И, когда Монька уже дергалась от слез на просторном родительском ложе (под портретом писателя Хемингуэя), Гертруда Борисовна, в кухне, исполняла на бис:
– А! (Хватаясь за сердце.) Я всегда говорила: надо оставить ее в покое. Пусть делает что хочет: все равно не жилец... (Скорбное сгущение черт.)
Но в покое не оставляла.
Не будучи окончательно чокнутой, Гертруда Борисовна, конечно, не надеялась, что короли и тузы произведут Раймонду в королевы. (Кому она нужна!!) И не то чтобы она губу раскатала на чужие коктейльные шарики. Древний, как пустыня, обменный зуд подначивал ее перво-наперво разбить союз Раймонда – Рыбный.
– А там видно будет, – говорила она многозначительно, и за этой многозначительностью не стояло ничего, как не стоит ангел-хранитель за спиной самоубийцы.

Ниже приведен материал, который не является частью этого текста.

Lemma connect_adjS F F' :
  F \subset F' -> subrel (connect (adj F)) (connect (adj F')).
Proof.
move=> sFF'; apply: connect_sub => x y /adjP[e eF h]; apply/connect1/adjP.
by exists e => //; apply: (subsetP sFF').
Qed.

Definition spans F e := connect (adj F) (esrc e) (edst e).

Lemma spans_mem F e : e \in F -> spans F e.
Proof. exact: connect_edge. Qed.

Lemma spansS F F' e : F \subset F' -> spans F e -> spans F' e.
Proof. by move=> sFF'; apply: connect_adjS sFF' _ _. Qed.

Lemma connect_adj_spans F F' :
  {in F, forall e, spans F' e} -> subrel (connect (adj F)) (connect (adj F')).
Proof.
move=> h; apply: connect_sub => x y /adjP[e eF [[<- <-]|[<- <-]]].
  exact: h.
by rewrite connect_adj_sym; apply: h.
Qed.

Lemma connect_closed W F x y :
  (forall a b, a \in W -> adj F a b -> b \in W) ->
  x \in W -> connect (adj F) x y -> y \in W.
Proof.
move=> hW + /connectP[p pth ->]; elim: p x pth => [|z p IH] x //=.
by case/andP=> xz pth xW; apply: IH pth (hW _ _ xW xz).
Qed.

Lemma connectedbS S F F' : F \subset F' -> connectedb S F -> connectedb S F'.
Proof.
move=> sFF' /andP[ne /forall_inP h]; rewrite /connectedb ne.
apply/forall_inP => x xS; apply/forall_inP => y yS; apply: connect_adjS sFF' _ _ _.
by move/forall_inP: (h x xS); apply.
Qed.

Lemma connectedb_card1 S F : #|S| = 1 -> connectedb S F.
Proof.
case/eqP/cards1P=> x ->; rewrite /connectedb; apply/andP; split.
  by apply/set0Pn; exists x; rewrite inE.
by apply/forall_inP => a /set1P->; apply/forall_inP => b /set1P->.
Qed.

Definition croot F := fingraph.root (adj F).

Lemma connect_croot F x y : connect (adj F) x y = (croot F x == croot F y).
Proof. by rewrite /croot root_connect //; apply: connect_adj_sym. Qed.

Lemma crootS F F' x : F \subset F' -> croot F' (croot F x) = croot F' x.
Proof.
move=> sFF'; apply/eqP; rewrite -connect_croot connect_adj_sym.
exact: connect_adjS sFF' _ _ (connect_root _ x).
Qed.

Lemma connect_setU1 F e x y : connect (adj (e |: F)) x y ->
  let r := croot F in
  r x = r y \/ (r x = r (esrc e) /\ r (edst e) = r y) \/
              (r x = r (edst e) /\ r (esrc e) = r y).
Proof.
move=> /connectP[p pth ->] r; elim: p x pth => [|w p IH] x /=; first by left.
case/andP=> /adjP[f]; rewrite in_setU1 => /orP[/eqP->|fF] h /IH.
  by case: h => -[<- <-]; rewrite /r; intuition congruence.
have: r x = r w.
  rewrite /r; apply/eqP; rewrite -connect_croot.
  by case: h => -[<- <-]; [|rewrite connect_adj_sym]; exact: connect_edge.
intuition congruence.
Qed.

Lemma connect_setU1_spans F e :
  spans F e -> connect (adj (e |: F)) =2 connect (adj F).
Proof.
move=> se x y; apply/idP/idP; last exact/connect_adjS/subsetUr.
apply: connect_adj_spans => f; rewrite in_setU1 => /orP[/eqP->//|fF].
exact: spans_mem.
Qed.

End Connectivity.

Section Components.
Variable G : mgraph.
Local Notation V := (vert G).
Local Notation E := (edge G).
Implicit Types (S : {set V}) (F : {set E}) (x y : V) (e : E).

Lemma ncompE S F : ncomp S F = #|[set croot F x | x in S]|.
Proof.
rewrite /ncomp.
have -> : [set [set y in S | connect (adj F) x y] | x in S] =
   [set [set y in S | croot F y == r] | r in [set croot F x | x in S]].
  rewrite -imset_comp; apply: eq_imset => x /=; apply/setP => y.
  by rewrite !inE connect_croot eq_sym.
rewrite card_in_imset // => r1 r2 /imsetP[x1 x1S ->] /imsetP[x2 x2S ->].
by move/setP/(_ x1); rewrite !inE x1S eqxx /= => /esym/eqP.
Qed.

Lemma eq_ncomp S F F' :
  connect (adj F) =2 connect (adj F') -> ncomp S F = ncomp S F'.
Proof.
move=> h; rewrite /ncomp.
suff -> : [set [set y in S | connect (adj F) x y] | x in S] =
          [set [set y in S | connect (adj F') x y] | x in S] by [].
by apply: eq_imset => x; apply/setP => y; rewrite !inE h.
Qed.

Lemma ncompS S F F' : F \subset F' -> ncomp S F' <= ncomp S F.
Proof.
move=> sFF'; rewrite !ncompE.
have -> : [set croot F' x | x in S] =
          [set croot F' r | r in [set croot F x | x in S]].
  by rewrite -imset_comp; apply: eq_imset => x /=; rewrite crootS.
exact: leq_imset_card.
Qed.

Lemma ncomp_le S F : ncomp S F <= #|S|.
Proof. by rewrite ncompE leq_imset_card. Qed.

Lemma ncomp_gt0 S F : S != set0 -> 0 < ncomp S F.
Proof.
case/set0Pn=> x xS; rewrite ncompE card_gt0; apply/set0Pn.
by exists (croot F x); apply: imset_f.
Qed.

Lemma ncomp0 S : ncomp S set0 = #|S|.
Proof.
rewrite /ncomp -[RHS](card_in_imset (f := fun x : V => [set x])); last first.
  by move=> x y _ _ /set1_inj.
suff -> : [set [set y in S | connect (adj set0) x y] | x in S] =
          [set [set x] | x in S] by [].
apply: eq_in_imset => x xS; apply/setP => y; rewrite !inE.
apply/andP/eqP => [[_ /connectP[[|z p] /= pth ->]]|->] //.
by case/andP: pth => /existsP[f]; rewrite inE.
Qed.

Lemma ncomp_setU1_spans S F e : spans F e -> ncomp S (e |: F) = ncomp S F.
Proof. by move=> h; apply/eq_ncomp/connect_setU1_spans. Qed.

Lemma ncomp_setU1_nspans S F e : esrc e \in S -> edst e \in S -> ~~ spans F e ->
  ncomp S F = (ncomp S (e |: F)).+1.
Proof.
move=> aS bS ns; rewrite !ncompE.
set a := esrc e; set b := edst e.
set r := croot F; set r' := croot (e |: F); set R := [set r x | x in S].
have sF : F \subset e |: F by apply: subsetUr.
have r'E x : r' (r x) = r' x by rewrite /r' /r crootS.
have rab : r a != r b by rewrite -connect_croot.
have e1 : r' (r b) = r' (r a).
  rewrite !r'E; apply/eqP; rewrite -connect_croot connect_adj_sym.
  by apply: connect_edge; rewrite setU11.
have -> : [set r' x | x in S] = [set r' w | w in R :\ r b].
  apply/eqP; rewrite eqEsubset; apply/andP; split; last first.
    apply/subsetP=> z /imsetP[w]; rewrite !inE => /andP[_ /imsetP[x xS ->]] ->.
    by rewrite r'E; apply: imset_f.
  apply/subsetP=> z /imsetP[x xS ->]; rewrite -r'E.
  have: r x \in R by apply: imset_f.
  case: (eqVneq (r x) (r b)) => [-> _|hb xR].
    by rewrite e1; apply/imsetP; exists (r a); rewrite // in_setD1 rab imset_f.
  by apply/imsetP; exists (r x); rewrite ?inE ?hb.
rewrite card_in_imset; first by rewrite (cardsD1 (r b) R) imset_f.
move=> w1 w2; rewrite !inE => /andP[h1 /imsetP[x1 _ E1]] /andP[h2 /imsetP[x2 _ E2]].
rewrite E1 E2 !r'E => /eqP; rewrite -connect_croot => /connect_setU1 /=.
rewrite -/r -/a -/b -E1 -E2 => -[//|[[_ h]|[h _]]].
  by rewrite h eqxx in h2.
by rewrite h eqxx in h1.
Qed.

Lemma connectedb_ncomp S F : connectedb S F -> ncomp S F = 1.
Proof.
case/andP=> /set0Pn[x xS] /forall_inP h; rewrite ncompE.
suff -> : [set croot F y | y in S] = [set croot F x] by rewrite cards1.
apply/setP => z; rewrite inE; apply/imsetP/eqP => [[y yS ->]|->]; last by exists x.
by apply/eqP; rewrite -connect_croot connect_adj_sym; move/forall_inP: (h x xS); apply.
Qed.

Lemma ncomp1_connectedb S F : S != set0 -> ncomp S F = 1 -> connectedb S F.
Proof.
move=> ne; rewrite ncompE => /eqP/cards1P[r hr].
rewrite /connectedb ne; apply/forall_inP => x xS; apply/forall_inP => y yS.
have: croot F x \in [set r] by rewrite -hr imset_f.
have: croot F y \in [set r] by rewrite -hr imset_f.
by rewrite connect_croot !inE => /eqP -> /eqP ->.
Qed.

End Components.

Section Forests.
Variable G : mgraph.
Local Notation V := (vert G).
Local Notation E := (edge G).
Implicit Types (S : {set V}) (F A B J M X Y : {set E}) (e : E).

Definition forest F := [forall e in F, ~~ spans (F :\ e) e].

Lemma forestS F F' : F \subset F' -> forest F' -> forest F.
Proof.
move=> sFF' /forall_inP h; apply/forall_inP => e eF.
by apply: contra (h e (subsetP sFF' e eF)); apply/spansS/setSD.
Qed.

Lemma forest0 : forest set0.
Proof. by apply/forall_inP => e; rewrite inE. Qed.

Lemma subgraphS S F F' : F \subset F' -> is_subgraph S F' -> is_subgraph S F.
Proof.
by move=> sFF' /forall_inP h; apply/forall_inP => e eF; apply: h (subsetP sFF' e eF).
Qed.

Lemma subgraphP S F e : is_subgraph S F -> e \in F -> (esrc e \in S) && (edst e \in S).
Proof. by move/forall_inP; apply. Qed.

Lemma subgraphT F : is_subgraph setT F.
Proof. by apply/forall_inP => e _; rewrite !inE. Qed.

Lemma subgraph_induced S : is_subgraph S (induced S).
Proof. by apply/forall_inP => e; rewrite inE. Qed.

Lemma card_subgraph_ncomp S F : is_subgraph S F ->
  #|S| <= #|F| + ncomp S F /\ (forest F -> #|F| + ncomp S F = #|S|).
Proof.
have [n] := ubnP #|F|; elim: n F => // n IH F /ltnSE leFn sg.
case: (set_0Vmem F) => [->|[e eF]].
  by rewrite ncomp0 cards0.
have FE : F = e |: (F :\ e) by rewrite setD1K.
have sg' : is_subgraph S (F :\ e) by apply: subgraphS sg; apply: subsetDl.
have cF : #|F| = #|F :\ e|.+1 by rewrite (cardsD1 e F) eF.
have [IH1 IH2] := IH _ (leq_trans (proper_card (properD1 eF)) leFn) sg'.
have /andP[aS bS] := subgraphP sg eF.
case: (boolP (spans (F :\ e) e)) => sp.
  split; last by move/forall_inP/(_ e eF); rewrite sp.
  by rewrite {2}FE ncomp_setU1_spans // cF addSn (leq_trans IH1).
move: (ncomp_setU1_nspans aS bS sp); rewrite -FE => hc.
split; first by move: IH1; rewrite hc cF addnS addSn.
by move=> fo; rewrite -IH2 ?hc ?cF ?addnS ?addSn //; apply: forestS fo; apply: subsetDl.
Qed.

Lemma leq_card_ncomp S F : is_subgraph S F -> #|S| <= #|F| + ncomp S F.
Proof. by case/card_subgraph_ncomp. Qed.

Lemma card_forest S F : is_subgraph S F -> forest F -> #|F| + ncomp S F = #|S|.
Proof. by case/card_subgraph_ncomp. Qed.

Lemma card_connected_forest S F :
  is_subgraph S F -> forest F -> connectedb S F -> #|F| = #|S| - 1.
Proof. by move=> sg fF cF; rewrite -(card_forest sg fF) connectedb_ncomp // addnK. Qed.

Lemma forest_card S F : is_subgraph S F -> #|F| + ncomp S F = #|S| -> forest F.
Proof.
move=> sg h; apply/forall_inP => e eF; apply/negP => sp.
have sg' : is_subgraph S (F :\ e) by apply: subgraphS sg; apply: subsetDl.
have hc : ncomp S F = ncomp S (F :\ e) by rewrite -{1}(setD1K eF) ncomp_setU1_spans.
move: h (leq_card_ncomp sg'); rewrite hc (cardsD1 e F) eF; lia.
Qed.

Lemma ncomp_lt S F : is_subgraph S F -> F != set0 -> ncomp S F < #|S|.
Proof.
move=> sg /set0Pn[e eF]; have /andP[aS bS] := subgraphP sg eF.
have ns : ~~ spans set0 e.
  apply/negP => /connectP[[|z p] /= pth].
    by move=> h; move: (loopless e); rewrite -h eqxx.
  by case/andP: pth => /existsP[f]; rewrite inE.
have := ncomp_setU1_nspans aS bS ns; rewrite ncomp0 setU0 => ->.
by rewrite ltnS; apply: ncompS; rewrite sub1set.
Qed.

Lemma forestU1 J e : forest J -> e \notin J -> forest (e |: J) = ~~ spans J e.
Proof.
move=> fJ eJ; apply/idP/idP.
  by move/forall_inP/(_ e (setU11 _ _)); rewrite setU1K.
move=> ns; apply/forall_inP => f; rewrite in_setU1 => /orP[/eqP->|fJ'].
  by rewrite setU1K.
have fe : f != e by apply: contraNneq eJ => <-.
have -> : (e |: J) :\ f = e |: (J :\ f).
  apply/setP => z; rewrite !inE; case: (eqVneq z e) => // ->.
  by rewrite eq_sym (negbTE fe).
apply/negP => /connect_setU1 /=.
have /forall_inP/(_ f fJ') := fJ; rewrite /spans connect_croot => /negP h.
have sJ := subsetDl J [set f].
have ef := connect_edge fJ'.
have lift x y : croot (J :\ f) x = croot (J :\ f) y -> connect (adj J) x y.
  by move/eqP; rewrite -connect_croot; apply: connect_adjS.
case=> [/eqP//|[[h1 h2]|[h1 h2]]]; apply/negP: ns; rewrite /spans negbK.
  have d1 := lift _ _ (esym h1); have d2 := lift _ _ (esym h2).
  exact: connect_trans (connect_trans d1 ef) d2.
have d1 := lift _ _ h2; have d2 := lift _ _ h1.
by rewrite connect_adj_sym in ef; exact: connect_trans (connect_trans d1 ef) d2.
Qed.

Lemma spans_nforestU1 J e : forest J -> e \notin J -> ~~ forest (e |: J) -> spans J e.
Proof. by move=> fJ eJ; rewrite forestU1 // negbK. Qed.

Lemma forest_augment S A B : is_subgraph S A -> is_subgraph S B ->
  forest A -> forest B -> #|A| < #|B| -> exists2 b, b \in B :\: A & forest (b |: A).
Proof.
move=> sA sB fA fB ltAB.
case: (boolP [exists b in B :\: A, forest (b |: A)]) => [/exists_inP//|/exists_inPn h].
have sp : {in A :|: B, forall e, spans A e}.
  move=> e; case: (boolP (e \in A)) => [eA _|eA]; first exact: spans_mem.
  rewrite in_setU (negbTE eA) /= => eB.
  by apply: spans_nforestU1 => //; apply: h; rewrite inE eA.
have ce : connect (adj (A :|: B)) =2 connect (adj A).
  by move=> x y; apply/idP/idP; [apply: connect_adj_spans|apply/connect_adjS/subsetUl].
have : ncomp S A <= ncomp S B by rewrite -(eq_ncomp S ce); apply/ncompS/subsetUr.
move: (card_forest sA fA) (card_forest sB fB); lia.
Qed.

Lemma forest_maximal A X : forest A -> A \subset X ->
  exists M, [/\ A \subset M, M \subset X, forest M &
                forall f, f \in X -> f \notin M -> ~~ forest (f |: M)].
Proof.
move: {2}#|X :\: A| (leqnn #|X :\: A|) => n; elim: n A => [|n IH] A.
  rewrite leqn0 cards_eq0 => /eqP h fA sAX; exists A; split => //.
  by move=> y yX yA; move/setP/(_ y): h; rewrite !inE yA yX.
move=> hn fA sAX.
case: (boolP [exists y in X :\: A, forest (y |: A)]); last first.
  move/exists_inPn => h; exists A; split => // y yX yA.
  by apply: h; rewrite inE yA.
case/exists_inP=> y; rewrite inE => /andP[yA yX] fy.
have [||M [sAM sMX fM maxM]] := IH (y |: A) _ fy.
- move: hn; rewrite (cardsD1 y (X :\: A)) !inE yA yX /=.
  suff -> : X :\: (y |: A) = (X :\: A) :\ y by [].
  by apply/setP => z; rewrite !inE negb_or andbA.
- by rewrite subUset sub1set yX.
exists M; split => //; apply: subset_trans sAM; apply: subsetUr.
Qed.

Если бы Коля Рыбный решил соорудить поясок верности для своей доброй, непутящей жены, весьма конструктивно было бы исполнить его в виде намордника, смыкающего пасти подсунутых тещей охмурителей – не больно-то проворных в смысле горения страсти, да и, вообще говоря, дяденек с ленцой, сплошь семейных, брюхастых, обрюзглых и убийственно скучных, но (от лени) страдающих недержанием однажды изобретенных комплиментов, которые всякий раз – словно бы в первый раз – приближали Монечку к синеве синего неба. И вот, насильственно сомкнув уста тещенькиным лазутчикам, блеющим свои слюнявые двусмысленности, можно было бы – по крайней мере, с той стороны – вполне предотвратить супружеские измены. Потому что (на это надо обратить особое внимание) кавалеры, подкинутые Моньке ее мамочкой, все эти усталые хозяйственники, видящие в Моньке этакий пикантный розанчик с помойки, притягательно-грешные миазмы которого давали им мимолетный роздых от добродетельных испарений семейной кухни, – все эти прекраснодушные обладатели геморроя, портфеля и осторожного кошелька вызывали в Моньке только детский восторг и не более того. У дяденек дома было так интересно и чисто, и попасть к ним было почетно, как на крейсер «Аврора». И, конечно, старческая болтливость мамашиных протеже ни в коей мере не была ослепительней сдержанной немногословности объектов ее свободного выбора – поддатеньких работяг с Балтийского завода и, по-своему импозантных, знающих свой фасон не хуже моряков и летчиков, шоферов-дальнобойщиков, подваливающих после смены к Монечке в бар. Монька, ценящая в мужчине вторичные признаки куда выше всех третичных и прочих, никогда – надо отдать ей должное (и, кстати сказать, в отличие от «приличных» дам) – не обсуждала и не сравнивала в доверительной беседе мужскую дееспособность своих обожателей – как болтливых, так и молчаливых.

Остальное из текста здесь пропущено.